I don't use the Web. Or I only use it when I absolutely have to. Then I'm using lynx to get the minimum bandwidth out of my content. I'm still undecided if login to the server through ssh and using lynx from there is better or worse, bandwidth wise. Loading a large page and seeing only the first 25 lines is sure more economic, but ssh and especially curses seem to be chatty. If your phone providers GPRS plan gives you some "free" bandwidth, then using the Web via Bluetooth/GPRS may be an option, for me it isn't. From time to time I'm going into town, where I catch up in the Internet cafe. Other than that, I see myself on vacation, only interested in personal relations. And mail is really best for that.

Mail setup

My mail client is mutt. I've compiled my own setup on my PowerBook, since I want some settings that are not around in stock download binaries. For example mutt is compiled to do POP, IMAP, and SSL. I did this a while ago and back then had some trouble getting the configuration right. (Latest setting seems to be: "./configure --enable-imap --with-curses=/usr/local --with-ssl --with-included-gettext --enable-pop --enable-locales-fix --without-wc-funcs" for compiling mutt on 10.3.) I then open mutt twice, each in one Terminal window. The first one is used for mail reading/writing/replying. The second one is used to connect to my mail server, with a command like "c imap://servername".

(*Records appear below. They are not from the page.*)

(* The gaps are dominated by M |t| (3L|t|)^n / n!, a multiple of the exponential series. *)
Lemma picard_gap_summable t : ex_series (fun n => picard_gap n t).
Proof.
  set (x := 3 * L * Rabs t).
  assert (hexp : ex_series (fun n => scal (pow_n x n) (/ INR (Factorial.fact n))))
    by (eexists; apply is_exp_Reals).
  apply (ex_series_scal_l (M * Rabs t)) in hexp.
  refine (@ex_series_le R_AbsRing R_CompleteNormedModule _ _ _ hexp). intro n.
  change (norm (picard_gap n t)) with (Rabs (picard_gap n t)).
  rewrite (Rabs_right (picard_gap n t)) by (apply Rle_ge, picard_gap_nonneg).
  change (scal ?a ?b) with (a * b). change (scal ?a ?b) with (a * b). rewrite pow_n_pow.
  pose proof field_bound_nonneg. pose proof field_lipschitz_nonneg.
  pose proof (lt_0_INR _ (Factorial.lt_O_fact n)).
  assert (hfact : INR (Factorial.fact n) <= INR (Factorial.fact (S n)))
    by (apply le_INR; simpl; lia).
  assert (hx : 0 <= x ^ n) by (apply pow_le; unfold x; pose proof (Rabs_pos t); nra).
  unfold picard_gap. simpl (Rabs t ^ S n).
  replace (M * (3 * L) ^ n * (Rabs t * Rabs t ^ n) / INR (Factorial.fact (S n)))
    with (M * Rabs t * x ^ n * / INR (Factorial.fact (S n)))
    by (unfold x; rewrite !Rpow_mult_distr; field; lra).
  rewrite <- Rmult_assoc. apply Rmult_le_compat_l.
  - pose proof (Rabs_pos t). apply Rmult_le_pos; [nra|exact hx].
  - apply Rinv_le_contravar; lra.
Qed.

(* Tail of the gap series, bounding the distance from the n-th iterate to the limit. *)
Definition picard_tail (n : nat) (t : R) : R := Series (fun k => picard_gap (S n + k) t).

Lemma picard_tail_summable n t : ex_series (fun k => picard_gap (S n + k) t).
Proof. apply (ex_series_incr_n (fun k => picard_gap k t)), picard_gap_summable. Qed.
Lemma is_rdiff_Cmod2_sub1 (h : C2 -> C) (z : C2) (a1 a2 : C) :
  is_cdiff h z a1 a2 ->
  is_rdiff (fun w => Cmod (h w) ^ 2 - 1) z
    (fun w => 2 * Re (Cconj (h z) * clin a1 a2 w)%C).
Proof.
  intros Hh. split; [|split].
  - intros u v. rewrite clin_add, Cmult_plus_distr_l, re_plus. ring.
  - intros r u. rewrite clin_scal.
    replace (Cconj (h z) * (RtoC r * clin a1 a2 u))%C
      with (RtoC r * (Cconj (h z) * clin a1 a2 u))%C by ring.
    rewrite re_scal_l. ring.
  - intros eps Heps.
    assert (HM : 0 <= Cmod a1 + Cmod a2)
      by (pose proof (Cmod_ge_0 a1); pose proof (Cmod_ge_0 a2); lra).
    destruct (small_quadratic_remainder (Cmod (h z)) _ eps (Cmod_ge_0 _) HM Heps)
      as (k & delta & Hk & Hdelta & Hbound).
    destruct (Hh k Hk) as [d [Hd Hw]].
    exists (Rmin d delta). split; [apply Rmin_glb_lt; lra|].
    intros w Hwd.
    pose proof (Rmin_l d delta). pose proof (Rmin_r d delta).
    set (D := clin a1 a2 w) in *. set (E := (h (c2add z w) - h z - D)%C) in *.
    replace (Cmod (h (c2add z w)) ^ 2 - 1 - (Cmod (h z) ^ 2 - 1) - 2 * Re (Cconj (h z) * D))
      with (2 * Re (Cconj (h z) * E)%C + Cmod (D + E)%C ^ 2)
      by (rewrite <- Cmod2_add_expand;
          replace (h z + (D + E))%C with (h (c2add z w)) by (unfold E; ring); ring).
    eapply Rle_trans; [apply Rabs_triang|].
    rewrite Rabs_mult, (Rabs_pos_eq 2), (Rabs_pos_eq (Cmod _ ^ 2)) by (try apply pow2_ge_0; lra).
    apply Rle_trans with (2 * Cmod (h z) * Cmod E + (Cmod D + Cmod E) ^ 2).
    + pose proof (re_le_Cmod (Cconj (h z) * E)%C) as Hre.
      rewrite Cmod_mult, Cmod_conj in Hre.
      pose proof (Cmod_triangle D E). pose proof (Cmod_ge_0 (D + E)%C). nra.
    + apply Hbound.
      * split; [apply c2norm_ge_0 | lra].
      * split; [apply Cmod_ge_0 | apply Cmod_clin_le].
      * split; [apply Cmod_ge_0 | apply Hw; lra].
Qed.

Lemma clin_TCM_eq0 (h : C2 -> C) (z v : C2) (a1 a2 : C) :
  is_cdiff h z a1 a2 -> Cmod (h z) ^ 2 - 1 = 0 ->
  TCM (fun w => Cmod (h w) ^ 2 - 1) z v -> clin a1 a2 v = 0%C.
Proof.
  intros Hh Hunit [Hv Hiv].
  pose proof (is_rdiff_Cmod2_sub1 _ _ _ _ Hh) as HL.
  specialize (Hv _ HL). specialize (Hiv _ HL). cbv beta in Hv, Hiv.
  rewrite clin_i in Hiv.
  set (X := (Cconj (h z) * clin a1 a2 v)%C) in *.
  replace (Cconj (h z) * (Ci * clin a1 a2 v))%C with (X * Ci)%C in Hiv
    by (unfold X; ring).
  rewrite re_mult_Ci in Hiv.
  assert (HX : X = 0%C)
    by (destruct X as [x y]; unfold Re, Im, RtoC in *; simpl in *; f_equal; lra).
  assert (Hmod : Cmod (h z) = 1) by (pose proof (Cmod_ge_0 (h z)); nra).
  apply Cmod_eq_0.
  rewrite <- (Rmult_1_l (Cmod _)), <- Hmod, <- Cmod_conj, <- Cmod_mult.
  fold X. rewrite HX. apply Cmod_0.
Qed.

Lemma is_derive_C2_estimate (gamma : R -> C2) (t : R) (v : C2) :
  is_derive_C2 gamma t v -> forall eps : posreal,
  locally t (fun y =>
    c2norm (c2sub (c2sub (gamma y) (gamma t)) (c2scal (y - t) v)) <= eps * Rabs (y - t)).
Proof.
  intros (H1 & H2 & H3 & H4) eps.
  assert (He : 0 < eps / 4) by (destruct eps; simpl; lra).
  set (e := mkposreal _ He).
  generalize (filter_and _ _ (is_derive_estimate _ _ _ H1 e)
             (filter_and _ _ (is_derive_estimate _ _ _ H2 e)
             (filter_and _ _ (is_derive_estimate _ _ _ H3 e)
                             (is_derive_estimate _ _ _ H4 e)))).
  apply filter_imp. intros y (E1 & E2 & E3 & E4). simpl in E1, E2, E3, E4.
  eapply Rle_trans; [apply c2norm_le_Rabs_comp|].
  destruct (comp_c2sub_c2scal (gamma y) (gamma t) v (y - t)) as (-> & -> & -> & ->).
  lra.
Qed.
(* Let $M\ge3$, $\phi\in\mathrm{Hyp}^M$, $z_1\in\Sigma$, $A_1:=A(z_1)$, $\mu\ge1$, and let $K$ be sufficiently large (larger than some absolute constant). Let $h$ be the function from the preceding lemma, so that $\mathbf t(h(v,y),y)=v$ with $\mathbf t(z):=t^2_{z_1}(z_1,z)$. Define $$R_I:=\{z\in\Sigma:|t^2_{z_1}(z_1,z)|\le100\mu^{1/2}K^{-1}\},\qquad R_{II}:=\{z\in\Sigma:|A(z)-A_1|\le\mu^{1/2}K^{-3/4}\}.$$ Then $R_I$ is the union of the traces in $\Sigma$ of the curves $y\mapsto(h(v,y),y)$, $y\in[-1,1]$, with $|v|\le100\mu^{1/2}K^{-1}$; and if $z=(h(v,y),y)\in R_I\cap R_{II}$, then the tangent vector $X_z:=(h_y(v,y),1)$ satisfies $$|X_z-(-A_1,1)|\le3\mu^{1/2}K^{-3/4}.$$
   Context: $\Sigma:=[-1,1]^2$, $2\Sigma:=[-2,2]^2$. $\mathrm{Hyp}^M$ ($M\ge3$) is the set of $\phi\in C^M(\Sigma)$ extending to a $C^M$ function on $2\Sigma$ with $\phi(0)=0$, $\nabla\phi(0)=0$, $D^2\phi(0)=\begin{pmatrix}0&1\\1&0\end{pmatrix}$, and $\sup_{2\Sigma}|\partial_x^a\partial_y^b\phi|\le10^{-5}$ for $3\le a+b\le M$. $H:=\phi_{xy}^2-\phi_{xx}\phi_{yy}$, $A:=\frac{\phi_{yy}}{\phi_{xy}+\sqrt H}$, and $t^2_{z_1}(z_1,z):=\phi_y(z)-\phi_y(z_1)-A(z_1)(\phi_x(z)-\phi_x(z_1))$. The preceding lemma provides $h:[\alpha,\beta]\times[-1,1]\to\mathbb R$ ($\alpha,\beta$ the min and max of $\mathbf t$ on $\Sigma$) with $\mathbf t(h(v,y),y)=v$, such that $(v,y)\mapsto(h(v,y),y)$ is a diffeomorphism onto a set containing $\Sigma$. *)

From Stdlib Require Import Reals Lra List.
From Coquelicot Require Import Coquelicot.
Open Scope R_scope.

Definition Sigma (x y : R) : Prop := -1 <= x <= 1 /\ -1 <= y <= 1.
Definition Int2Sigma (x y : R) : Prop := -2 < x < 2 /\ -2 < y < 2.

Definition dX (f : R -> R -> R) : R -> R -> R := fun x y => Derive (fun u => f u y) x.
Definition dY (f : R -> R -> R) : R -> R -> R := fun x y => Derive (fun u => f x u) y.

(* iterated partial derivative along a word: true = d/dx, false = d/dy;
   the head of the word is applied last *)
Fixpoint dword (w : list bool) (f : R -> R -> R) : R -> R -> R :=
  match w with
  | nil => f
  | b :: w' => (if b then dX else dY) (dword w' f)
  end.

Definition pd (a b : nat) (f : R -> R -> R) : R -> R -> R :=
  dword (repeat true a ++ repeat false b) f.

Definition unif_cont_on (D : R -> R -> Prop) (f : R -> R -> R) : Prop :=
  forall eps, 0 < eps -> exists delta, 0 < delta /\
    forall x y u w, D x y -> D u w -> Rabs (u - x) < delta -> Rabs (w - y) < delta ->
      Rabs (f u w - f x y) < eps.

Definition cont_within2 (D : R -> R -> Prop) (f : R -> R -> R) (x y : R) : Prop :=
  forall eps, 0 < eps -> exists delta, 0 < delta /\
    forall u w, D u w -> Rabs (u - x) < delta -> Rabs (w - y) < delta ->
      Rabs (f u w - f x y) < eps.

Definition has_deriv_within (D : R -> Prop) (f : R -> R) (x l : R) : Prop :=
  forall eps, 0 < eps -> exists delta, 0 < delta /\
    forall u, D u -> Rabs (u - x) < delta ->
      Rabs (f u - f x - l * (u - x)) <= eps * Rabs (u - x).

(* C^M on the closed square 2Sigma: all partial derivatives of order <= M
   exist on the interior (-2,2)^2 and extend continuously to the closed square
   (equivalently, are uniformly continuous on the bounded open square). *)
Definition CM_2Sigma (M : nat) (f : R -> R -> R) : Prop :=
  (forall w : list bool, (length w < M)%nat -> forall x y, Int2Sigma x y ->
      ex_derive (fun u => dword w f u y) x /\ ex_derive (fun u => dword w f x u) y) /\
  (forall w : list bool, (length w <= M)%nat -> unif_cont_on Int2Sigma (dword w f)).

Definition Hyp (M : nat) (phi : R -> R -> R) : Prop :=
  CM_2Sigma M phi /\
  phi 0 0 = 0 /\ dX phi 0 0 = 0 /\ dY phi 0 0 = 0 /\
  dX (dX phi) 0 0 = 0 /\ dX (dY phi) 0 0 = 1 /\
  dY (dX phi) 0 0 = 1 /\ dY (dY phi) 0 0 = 0 /\
  (forall a b : nat, (3 <= a + b)%nat -> (a + b <= M)%nat ->
     forall x y, Int2Sigma x y -> Rabs (pd a b phi x y) <= 1 / 100000).

Definition phi_x (phi : R -> R -> R) := dX phi.
Definition phi_y (phi : R -> R -> R) := dY phi.
Definition phi_xx (phi : R -> R -> R) := dX (dX phi).
Definition phi_yy (phi : R -> R -> R) := dY (dY phi).
Definition phi_xy (phi : R -> R -> R) := dX (dY phi).

Definition Hfun (phi : R -> R -> R) (x y : R) : R :=
  (phi_xy phi x y) ^ 2 - phi_xx phi x y * phi_yy phi x y.

Definition Afun (phi : R -> R -> R) (x y : R) : R :=
  phi_yy phi x y / (phi_xy phi x y + sqrt (Hfun phi x y)).

Definition t2 (phi : R -> R -> R) (x1 y1 x y : R) : R :=
  phi_y phi x y - phi_y phi x1 y1 - Afun phi x1 y1 * (phi_x phi x y - phi_x phi x1 y1).

Definition Rect (alpha beta v y : R) : Prop := alpha <= v <= beta /\ -1 <= y <= 1.
(* Let $M=2Z+1$ with $Z\ge 1$ an integer, and let $\gamma_1,\dots,\gamma_{M-1}$ be nonzero real numbers and $J_1,\dots,J_{M-1}$ real numbers. Consider $$H_{\gamma J}=\sum_{m=1}^{M-1}\Big(J_m c_{m+1}^\dagger c_m\sigma_{m+1}^+ + \text{h.c.}\Big) - \sum_{m=1}^{M-1}\Big(\gamma_m c_{m+1}^\dagger c_m + \text{h.c.}\Big)$$ on the open chain of $M$ sites. Then the subspace of states with exactly one fermion and with spin on site $1$ equal to $|\uparrow\rangle$ contains $2^{M-1}$ linearly independent states $|\Psi\rangle$ with $H_{\gamma J}|\Psi\rangle=0$.
   Context: Each site $m=1,\dots,M$ carries one spinless fermion mode ($c_m,c_m^\dagger$, canonical anticommutation relations) and one spin-$1/2$ with Pauli matrices $\sigma_m^{x,y,z}$; $\sigma_m^{\pm}=\sigma_m^x\pm i\sigma_m^y$. The Hilbert space is the tensor product of the fermionic Fock space and the $M$ spin spaces; $H_{\gamma J}$ conserves the fermion number $\sum_m c_m^\dagger c_m$ and does not act on the spin at site $1$. *)

From HB Require Import structures.
From mathcomp Require Import all_boot all_order all_algebra.
From mathcomp Require Import reals complex.
Set Implicit Arguments. Unset Strict Implicit. Unset Printing Implicit Defensive.
Import Order.TTheory GRing.Theory Num.Theory.
Local Open Scope ring_scope.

There I mark the messages I want and save them to their respective mailboxes. Leaving one mutt connected to the IMAP inbox saves connection setup bandwidth. I have I set up as a shortcut to "imap-fetch-mail", which updates the content of the IMAP inbox. Whatever mails I don't want to read can be saved to "imap://servername/Mail/mailboxname", causing not much wasted bandwidth. In the end I download only minimal headers and the mails I really want to read. My "index format" is set up ""%4C %Z %{%b %d} %-15.15F (%4c) %s", so I can see the size of mails in bytes/kbytes. As long as I don't hit any wrong key, I won't download any mails with attached photos by mistake. Sometimes mutt hits me there: When I accidentally hit "enter" twice after typing "c imap://servername" it will open and thus download the first message, because the second "enter" is still in the type buffer. Ugly.

Dealing with SPAM

I don't want to download any SPAM, at this price I don't even want to download SPAM headers. So I weed out the SPAM on my server. I'm using bogofilter for this. And after more than a year and a half of training, it works quite good. I can spot the rare unidentified SPAM message from the subject and save it to a special mailbox on my server. There it is picked up by a cron job and bogofilter is retrained on that message. Once every something I log in from the Internet Cafe and go through all the identified SPAM messages. In 1.5 years only about 5 messages were mistakenly identified as SPAM.

The Weblog

Feeding and maintaining my Weblog is a new challenge. Posting can be done via moblog (specially formatted mails). But it has some restrictions, worst is the lag of formatting as HTML, and that I can't use the "Extend" field of the web interface (which makes the "Read more on..." links and gives a new page with the full post, allowing entries on the main page to be shorter). Moderating comments will be troublesome too, I don't know yet how I will do that. Maybe I should have set up a script to do moderation via mail (like it is done for moderated mailing lists). Also maybe I should have gotten some blog software to remote update, but I would have to examine them for chattiness.

Summing it up

With this setup my bandwidth consumption goes down a lot, to something like 12kBytes to maybe 120kBytes per session. Of course all depends on the amount of mail I get and send, so comparisons are difficult. But I am quite confident that I have removed bandwidth overhead a lot.